Dopodichè, dopo una partecipazione al Festival di Sanremo con il brano “Non Ci Piove” nel 2000, Joe Barbieri fonda nel 2003 la casa discografica “Microcosmo Dischi” pubblicando “Fuori Catalogo” in cui esegue sue canzoni solo con l’ausilio della chitarra.
Ma il vero salto di qualità avviene nel 2004 con il disco “In Parole Povere” in cui si combinano jazz, musica cantautoriale e bossa nova.
Il 16 gennaio del 2009 esce “Maison Maravilha” che si può considerare il suo capolavoro contenente undici tracce affascinanti e disarmanti.
Abbiamo incontrato Joe Barbieri al termine del concerto tenuto presso il Rising South di Napoli e gli abbiamo rivolto alcune domande :
Dalla canzone “Non Ci Piove”, presentata al Festival di Sanremo nel 2000, fino ad oggi cos’è cambiato, cosa ti ha spinto a fare un album così particolare, anche nella cura degli arrangiamenti?
Abbracciare l’indipendenza. è un po’ come quando per tutta la vita vivi in famiglia e poi vai a vivere da solo.
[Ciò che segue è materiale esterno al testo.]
(* Let $n\ge3$ and let $G$ be a connected graph with at least two vertices, and assume it is not the case that both $G\cong K_2$ and $n=3$. Then $G\times K_n$ is super edge connected if and only if $n\,\kappa'(G)>\delta(G)$.
   Context: All graphs are finite, simple and undirected. $\kappa'(G)$ denotes edge connectivity and $\delta(G)$ minimum degree. The direct product $G\times H$ has vertex set $V(G)\times V(H)$. Two vertices $(x,u),(y,v)$ are adjacent if and only if $xy\in E(G)$ and $uv\in E(H)$. A minimum edge cut of a graph is a set of edges whose removal disconnects the graph and whose cardinality equals its edge connectivity. A graph is super edge connected if every minimum edge cut is the set of all edges incident with some single vertex. *)

From HB Require Import structures.
From mathcomp Require Import all_boot.
Set Implicit Arguments. Unset Strict Implicit. Unset Printing Implicit Defensive.

Definition simple_graph (T : finType) (e : rel T) : Prop :=
  symmetric e /\ irreflexive e.

Definition connected (T : finType) (e : rel T) : Prop :=
  forall x y : T, connect e x y.

Definition edges (T : finType) (e : rel T) : {set {set T}} :=
  [set [set p.1; p.2] | p in [set p : T * T | e p.1 p.2]].

Definition remove_edges (T : finType) (e : rel T) (F : {set {set T}}) : rel T :=
  fun x y => e x y && ([set x; y] \notin F).

Definition edge_cut (T : finType) (e : rel T) (F : {set {set T}}) : Prop :=
  F \subset edges e /\ ~ connected (remove_edges e F).

Definition edge_conn (T : finType) (e : rel T) : nat :=
  \big[minn/#|edges e|]_(F : {set {set T}} |
       (F \subset edges e) && [exists x, exists y, ~~ connect (remove_edges e F) x y])
     #|F|.

Definition deg (T : finType) (e : rel T) (v : T) : nat := #|[set w | e v w]|.
Definition min_deg (T : finType) (e : rel T) : nat :=
  \big[minn/#|T|]_(v : T) deg e v.

Definition min_edge_cut (T : finType) (e : rel T) (F : {set {set T}}) : Prop :=
  edge_cut e F /\ #|F| = edge_conn e.

Definition incident (T : finType) (e : rel T) (v : T) : {set {set T}} :=
  [set [set v; w] | w in [set w | e v w]].

Definition super_edge_connected (T : finType) (e : rel T) : Prop :=
  forall F, min_edge_cut e F -> exists v, F = incident e v.

Definition complete (n : nat) : rel 'I_n := fun i j => i != j.

Definition direct_prod (T U : finType) (e : rel T) (f : rel U) : rel (T * U) :=
  fun p q => e p.1 q.1 && f p.2 q.2.

Definition graph_iso (T U : finType) (e : rel T) (f : rel U) : Prop :=
  exists g : T -> U, bijective g /\ forall x y, f (g x) (g y) = e x y.
Arguments complete n : clear implicits.

(* Write S_x for the fibre of a vertex set S of G x K_n over x in V(G). Every
   edge xy of G contributes to the edge boundary of S the pairs (i, j), i != j,
   with [i \in S_x] != [j \in S_y]: at least n - 1 of them if S_x is a proper
   nonempty subset, at least n if S_x and S_y both are (n >= 4), and none only if
   S_x = S_y is empty or full.  Summing over the edges of G, a set S with a proper
   fibre at x0 and |dS| <= (n - 1) delta(G) makes every estimate tight; the tight
   configuration propagates along G and forces |S| <= 1, |V \ S| <= 1, or
   G = K_2 with n = 3.  If no fibre is proper then S = X x K_n and
   |dS| = n (n - 1) |d_G X| >= n (n - 1) kappa'(G), which beats
   kappa'(G x K_n) <= (n - 1) delta(G) as soon as n kappa'(G) > delta(G).
   Conversely, if n kappa'(G) <= delta(G), the lift of a minimum edge cut of G is
   a minimum edge cut of G x K_n that is not the star of a vertex. *)

From mathcomp Require Import all_boot all_order zify.
Set Implicit Arguments. Unset Strict Implicit. Unset Printing Implicit Defensive.
Import Order.TTheory.

Lemma bigminn_le (I : finType) (P : pred I) (F : I -> nat) x j :
  P j -> \big[minn/x]_(i | P i) F i <= F j.
Proof. by move=> Pj; rewrite -minEnat -leEnat; exact: bigmin_le_cond. Qed.

Lemma bigminn_attained (I : finType) (P : pred I) (F : I -> nat) x j :
  P j -> (forall i, P i -> F i <= x) -> exists2 i, P i & \big[minn/x]_(i | P i) F i = F i.
Proof.
move=> Pj Fx; rewrite -minEnat.
by have [i Pi ->] := eq_bigmin j P F Pj (fun i Pi => Fx i Pi : (F i <= x)%O); exists i.
Qed.

Lemma card_sum_mem (I : finType) (A : {set I}) : #|A| = \sum_i (i \in A : nat).
Proof. by rewrite -sum1_card big_mkcond; apply: eq_bigr => i _; case: (i \in A). Qed.

Lemma card_pair_set (I J : finType) (b : I -> J -> bool) :
  #|[set p : I * J | b p.1 p.2]| = \sum_i \sum_j (b i j : nat).
Proof. by rewrite card_sum_mem pair_bigA; apply: eq_bigr => -[i j] _; rewrite inE. Qed.

Lemma sum_pair (I J : finType) (G : I * J -> nat) :
  \sum_u G u = \sum_i \sum_j G (i, j).
Proof. by rewrite pair_bigA; apply: eq_bigr => -[]. Qed.

Lemma eq_of_leq_sum (I : finType) (E1 E2 : I -> nat) :
  (forall i, E1 i <= E2 i) -> \sum_i E2 i <= \sum_i E1 i -> E1 =1 E2.
Proof.
move=> le12 le21 i.
have [_ eq_sum] := leqif_sum (P := predT) (C := fun i => E1 i == E2 i)
  (fun i _ => leqif_eq (le12 i)).
have : \sum_i E1 i == \sum_i E2 i by rewrite eqn_leq le21 andbT leq_sum.
by rewrite eq_sum => /forallP /(_ i) /eqP.
Qed.

Lemma sum_split_sym (I : finType) (h : I -> I -> nat) x0 :
  (forall x y, h x y = h y x) -> h x0 x0 = 0 ->
  \sum_x \sum_y h x y = 2 * \sum_y h x0 y + \sum_(x | x != x0) \sum_(y | y != x0) h x y.
Proof.
move=> h_sym h00; rewrite (bigD1 x0) //= mul2n -addnn -addnA; congr (_ + _).
rewrite (eq_bigr (fun x => h x x0 + \sum_(y | y != x0) h x y)); last first.
  by move=> x _; rewrite (bigD1 x0).
rewrite big_split /=; congr (_ + _).
by rewrite [RHS](bigD1 x0) //= h00 add0n; apply: eq_bigr => x _.
Qed.

Lemma connectedPn (W : finType) (r : rel W) : ~ connected r -> exists x y, ~~ connect r x y.
Proof.
move=> not_conn; have : ~~ [forall x, forall y, connect r x y].
  by apply/negP => /forallP all_conn; apply: not_conn => x y; exact: (forallP (all_conn x)).
by rewrite negb_forall => /existsP[x]; rewrite negb_forall => /existsP[y]; exists x, y.
Qed.

Lemma exists_neq (T : finType) : 1 < #|T| -> forall x : T, exists y, y != x.
Proof.
move=> /card_gt1P[a [b [_ _ ab]]] x.
by have [ax|] := eqVneq a x; [exists b; rewrite -ax eq_sym | exists a].
Qed.

Section Graph.
Variables (W : finType) (r : rel W).
Implicit Types (x y v w : W) (S : {set W}) (F : {set {set W}}).

Lemma connected_neighbour x : connected r -> 1 < #|W| -> exists y, r x y.
Proof.
move=> conn /exists_neq/(_ x)[y yx].
have /connectP[[|z p] xp yE] := conn x y; first by rewrite yE eqxx in yx.
by exists z; case/andP: xp.
Qed.

Lemma exists_min_deg : 0 < #|W| -> exists v, deg r v = min_deg r.
Proof.
case/card_gt0P => x _.
have [v _ minE] := @bigminn_attained W xpredT (deg r) #|W| x isT (fun v _ => max_card _).
by exists v; rewrite /min_deg minE.
Qed.

Lemma min_deg_le v : min_deg r <= deg r v.
Proof. exact: bigminn_le. Qed.

Lemma deg_sum v : deg r v = \sum_w (r v w : nat).
Proof. by rewrite /deg card_sum_mem; apply: eq_bigr => w _; rewrite inE. Qed.

Definition crossing_pairs (S : {set W}) : {set W * W} :=
  [set p | r p.1 p.2 && (p.1 \in S) && (p.2 \notin S)].

Definition edge_boundary (S : {set W}) : {set {set W}} :=
  [set [set p.1; p.2] | p in crossing_pairs S].

Lemma card_crossing_pairs S :
  #|crossing_pairs S| = \sum_x \sum_y (r x y && (x \in S) && (y \notin S) : nat).
Proof. exact: (card_pair_set (fun x y => r x y && (x \in S) && (y \notin S))). Qed.

Lemma card_edge_boundary S : #|edge_boundary S| = #|crossing_pairs S|.
Proof.
apply: card_in_imset => -[a b] [c d]; rewrite !inE /=.
move=> /andP[/andP[_ aS] bS] /andP[/andP[_ cS] dS] E.
have /set2P[ac|ad] : a \in [set c; d] by rewrite -E set21.
2: by move: dS; rewrite -ad aS.
have /set2P[bc|->] : b \in [set c; d] by rewrite -E set22.
  by move: bS; rewrite bc cS.
by rewrite ac.
Qed.

Lemma edge_boundary_sub S : edge_boundary S \subset edges r.
Proof. by apply: imsetS; apply/subsetP => p; rewrite !inE => /andP[/andP[-> _] _]. Qed.

Lemma edge_boundary_disconnects S x y : x \in S -> y \notin S ->
  ~~ connect (remove_edges r (edge_boundary S)) x y.
Proof.
move=> xS yS; apply/negP => /connectP[p xp yE].
suff : last x p \in S by rewrite -yE (negbTE yS).
elim: p x xS xp {yE} => [|z p IHp] w wS //= /andP[/andP[rwz wz_out] zp].
apply: IHp zp; apply: contraNT wz_out => zS.
by apply/imsetP; exists (w, z); rewrite // !inE rwz wS zS.
Qed.

Lemma mem_edge_boundary S a b : symmetric r ->
  ([set a; b] \in edge_boundary S) = r a b && ((a \in S) != (b \in S)).
Proof.
move=> r_sym; apply/imsetP/andP => [[[c d]]|[rab]].
  rewrite inE /= => cross E; move: (set21 c d) (set22 c d) cross.
  rewrite -E => /set2P[]-> /set2P[]-> /andP[/andP[rcd cS] dS].
  - by rewrite cS in dS.
  - by rewrite rcd cS (negbTE dS).
  - by rewrite r_sym rcd cS (negbTE dS).
  - by rewrite cS in dS.
case: (boolP (a \in S)) => aS /= bS.
  by exists (a, b); rewrite // inE /= rab aS; move: bS; case: (b \in S).
exists (b, a); last exact: setUC.
by rewrite inE /= r_sym rab aS andbT; move: bS; case: (b \in S).
Qed.
Lemma dyadic_approx_prefix n s s' :
  (forall i, (i < n)%N -> s i = s' i) -> dyadic_approx n s = dyadic_approx n s'.
Proof.
elim: n s s' => [//|n IH] s s' h /=.
by rewrite h // (IH (cantor_shift s) (cantor_shift s')) // => i hi; apply: h.
Qed.

Definition greedy_step (y : R) : R := 2 * y - bit_sign (0 <= y).

(* Of the two expansions of a dyadic point, the one ending in [false]s is chosen. *)
Definition greedy_bits (y : R) : cantor_space := fun i => 0 <= iter i greedy_step y.

Lemma cantor_shift_greedy_bits y :
  cantor_shift (greedy_bits y) = greedy_bits (greedy_step y).
Proof. by apply: funext => i; rewrite /cantor_shift /greedy_bits iterSr. Qed.

Lemma greedy_step_norm_le1 y : `|y| <= 1 -> `|greedy_step y| <= 1.
Proof.
rewrite /greedy_step; case: (lerP 0 y) => hy /=.
  by rewrite ger0_norm // => h; rewrite ler_norml; apply/andP; split; lra.
by rewrite ltr0_norm // => h; rewrite ler_norml; apply/andP; split; lra.
Qed.

Lemma represents_greedy_bits x : `|x| <= 1 -> represents (greedy_bits x) x.
Proof.
move=> hx n; elim: n x hx => [|n IH] x hx /=; first by rewrite subr0 expr0 mulr1.
rewrite dist_halve_pow2 opprD addrA cantor_shift_greedy_bits.
exact: IH (greedy_step_norm_le1 hx).
Qed.

Lemma greedy_bits_m1 : greedy_bits (-1) = fun _ => false.
Proof.
have fix_m1 : greedy_step (-1) = -1 by rewrite /greedy_step /=; case: lerP => /=; lra.
have iter_m1 i : iter i greedy_step (-1) = -1 by elim: i => //= i ->.
by apply: funext => i; rewrite /greedy_bits iter_m1; apply/negbTE; rewrite -ltNge; lra.
Qed.

Lemma greedy_bits_1 : greedy_bits 1 = fun _ => true.
Proof.
have fix_1 : greedy_step 1 = 1 by rewrite /greedy_step /=; case: lerP => /=; lra.
have iter_1 i : iter i greedy_step 1 = 1 by elim: i => //= i ->.
by apply: funext => i; rewrite /greedy_bits iter_1 ler01.
Qed.

Lemma pow2S_inv n : 2 ^- n.+1 = 2 ^- n / 2 :> R.
Proof. by rewrite exprS invfM mulrC. Qed.

Lemma dyadic_approx_norm n s : `|dyadic_approx n s| <= 1 - 2 ^- n.
Proof.
elim: n s => [|n IH] s /=; first by rewrite normr0 expr0 invr1 subrr.
rewrite pow2S_inv normrM (@ger0_norm _ 2^-1) ?invr_ge0 //.
have := IH (cantor_shift s); set S := dyadic_approx n (cantor_shift s) => hS.
have : `|bit_sign (s 0%N) + S| <= 1 + `|S|.
  by apply: le_trans (ler_normD _ _) _; case: (s 0%N); rewrite /= ?normrN normr1.
set e := 2 ^- n in hS *; set t := `|_ + _|; lra.
Qed.

Lemma dyadic_approx_cross k n s :
  dyadic_approx k s - 2 ^- k <= dyadic_approx n s + 2 ^- n.
Proof.
have pos j : 0 < 2 ^- j :> R by rewrite invr_gt0 exprn_gt0.
elim: k n s => [|k IH] [|n] s.
- by rewrite /= expr0 invr1; lra.
- have /[!ler_norml]/andP[] := dyadic_approx_norm n.+1 s.
  have := pos n.+1; rewrite expr0 invr1 /=.
  set S := dyadic_approx n.+1 s; set e := 2 ^- n.+1; lra.
- have /[!ler_norml]/andP[] := dyadic_approx_norm k.+1 s.
  have := pos k.+1; rewrite expr0 invr1 /=.
  set S := dyadic_approx k.+1 s; set e := 2 ^- k.+1; lra.
- have := IH n (cantor_shift s).
  rewrite [dyadic_approx k.+1 s]/= [dyadic_approx n.+1 s]/= !pow2S_inv.
  set a := dyadic_approx k _; set b := dyadic_approx n _; set c := bit_sign _; lra.
Qed.

Definition stream_value (s : cantor_space) : R :=
  sup (range (fun n => dyadic_approx n s - 2 ^- n)).

Lemma represents_stream_value s : represents s (stream_value s).
Proof.
move=> n; have hs : has_sup (range (fun n => dyadic_approx n s - 2 ^- n)).
  split; first by exists (dyadic_approx 0 s - 2 ^- 0), 0%N.
  by exists (dyadic_approx 0 s + 2 ^- 0) => _ [k _ <-]; exact: dyadic_approx_cross.
have lb : dyadic_approx n s - 2 ^- n <= stream_value s.
  by apply: sup_upper_bound => //; exists n.
have ub : stream_value s <= dyadic_approx n s + 2 ^- n.
  by apply: ge_sup; [case: hs | move=> _ [k _ <-]; exact: dyadic_approx_cross].
have : `|stream_value s - dyadic_approx n s| <= 2 ^- n.
  by rewrite ler_norml; apply/andP; split; lra.
by rewrite -[2 ^- n]div1r ler_pdivlMr // exprn_gt0.
Qed.

Lemma stream_value_shift s :
  stream_value s = (bit_sign (s 0%N) + stream_value (cantor_shift s)) / 2.
Proof.
apply: (represents_unique (represents_stream_value s)); apply/represents_shift.
have -> : 2 * ((bit_sign (s 0%N) + stream_value (cantor_shift s)) / 2) - bit_sign (s 0%N) =
  stream_value (cantor_shift s) by field.
exact: represents_stream_value.
Qed.

Lemma stream_value_greedy_bits x : `|x| <= 1 -> stream_value (greedy_bits x) = x.
Proof.
move=> hx; apply: (represents_unique (represents_stream_value _)).
exact: represents_greedy_bits.
Qed.

Lemma stream_value_continuous : continuous stream_value.
Proof.
move=> s; apply/cvgrPdist_lt => eps e0.
have [n hn] := exists_mul_pow2_gt 2 e0.
apply: filterS (near_prefix n s) => s' h.
have e1 : dyadic_approx n s' = dyadic_approx n s by apply: dyadic_approx_prefix.
have := represents_stream_value s n; have := represents_stream_value s' n; rewrite e1.
have hp : 0 < 2 ^+ n :> R by rewrite exprn_gt0.
have -> : stream_value s - stream_value s' =
  (stream_value s - dyadic_approx n s) - (stream_value s' - dyadic_approx n s).
  by rewrite opprB addrA subrK.
move=> h1 h2; apply: le_lt_trans (ler_normB _ _) _.
rewrite -(ltr_pM2r hp) mulrDl; apply: le_lt_trans (lerD h2 h1) _; lra.
Qed.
Ti devi fare carico di aspetti favorevoli e ‘sfavorevoli’. Insomma questo disco è nato, come anche “In Parole Povere”, per guardarsi dentro e capire esattamente cosa avevo voglia di fare senza avere più alle spalle persone di grande carisma a proteggermi. “Essere indipendenti” ti dà la possibilità di scavarti dentro.
In te c’è un substrato culturale molto forte, si avverte che sei onnivoro, e, in questo tuo percorso, cosa ti ha spinto ad avvicinarti all’universo della MPB (“Musica Popular Brasileira”, ndr.)?
Non c’è mai stato un evento scatenante durante il percorso, la MPB è un mondo nel quale convivono benissimo armonia, melodia e ritmo, tre elementi della musica che si legano nella maniera più alta senza che uno dei tre sia sacrificato a favore degli altri.
Anche nei tuoi testi, pur non essendoci “l’amore, il sorriso e il fiore” tipico dei testi della bossa nova, c’è un comune sentire con i bossanovisti, l’amore visto ai giorni d’oggi con lo sguardo nostalgico rivolto al passato.
Secondo te, oggi, quanto è rivoluzionario fare una canzone d’amore?
è rivoluzionario fare canzoni che ti mettano nella condizione di poter muovere le tue convinzioni e, ovviamente, l’amore è un qualcosa che tocca in maniera diversa un po’ tutti per cui si può partire da questo per arrivare a dire anche tutt’altro.
Una volta Francesco De Gregori, rispondendo ad una domanda di un giornalista, dichiarò che la sua canzone più politica è “Buonanotte fiorellino”, anche se il testo parla di tutt’altro.
Ora, venendo a noi, è vero che tu non tratti di politica ma se volessimo riprendere quest’affermazione, si potrebbe dire ugualmente che c’è tanta politica nelle tue canzoni, nel raccontare situazioni semplici e quotidiane?
Sì, volendo, sì. D’altronde, le prime espressioni di politica le riscontriamo nei rapporti sociali, anche tra due persone.
C’è un detto che dice che la politica non è tutto ma tutto è politica.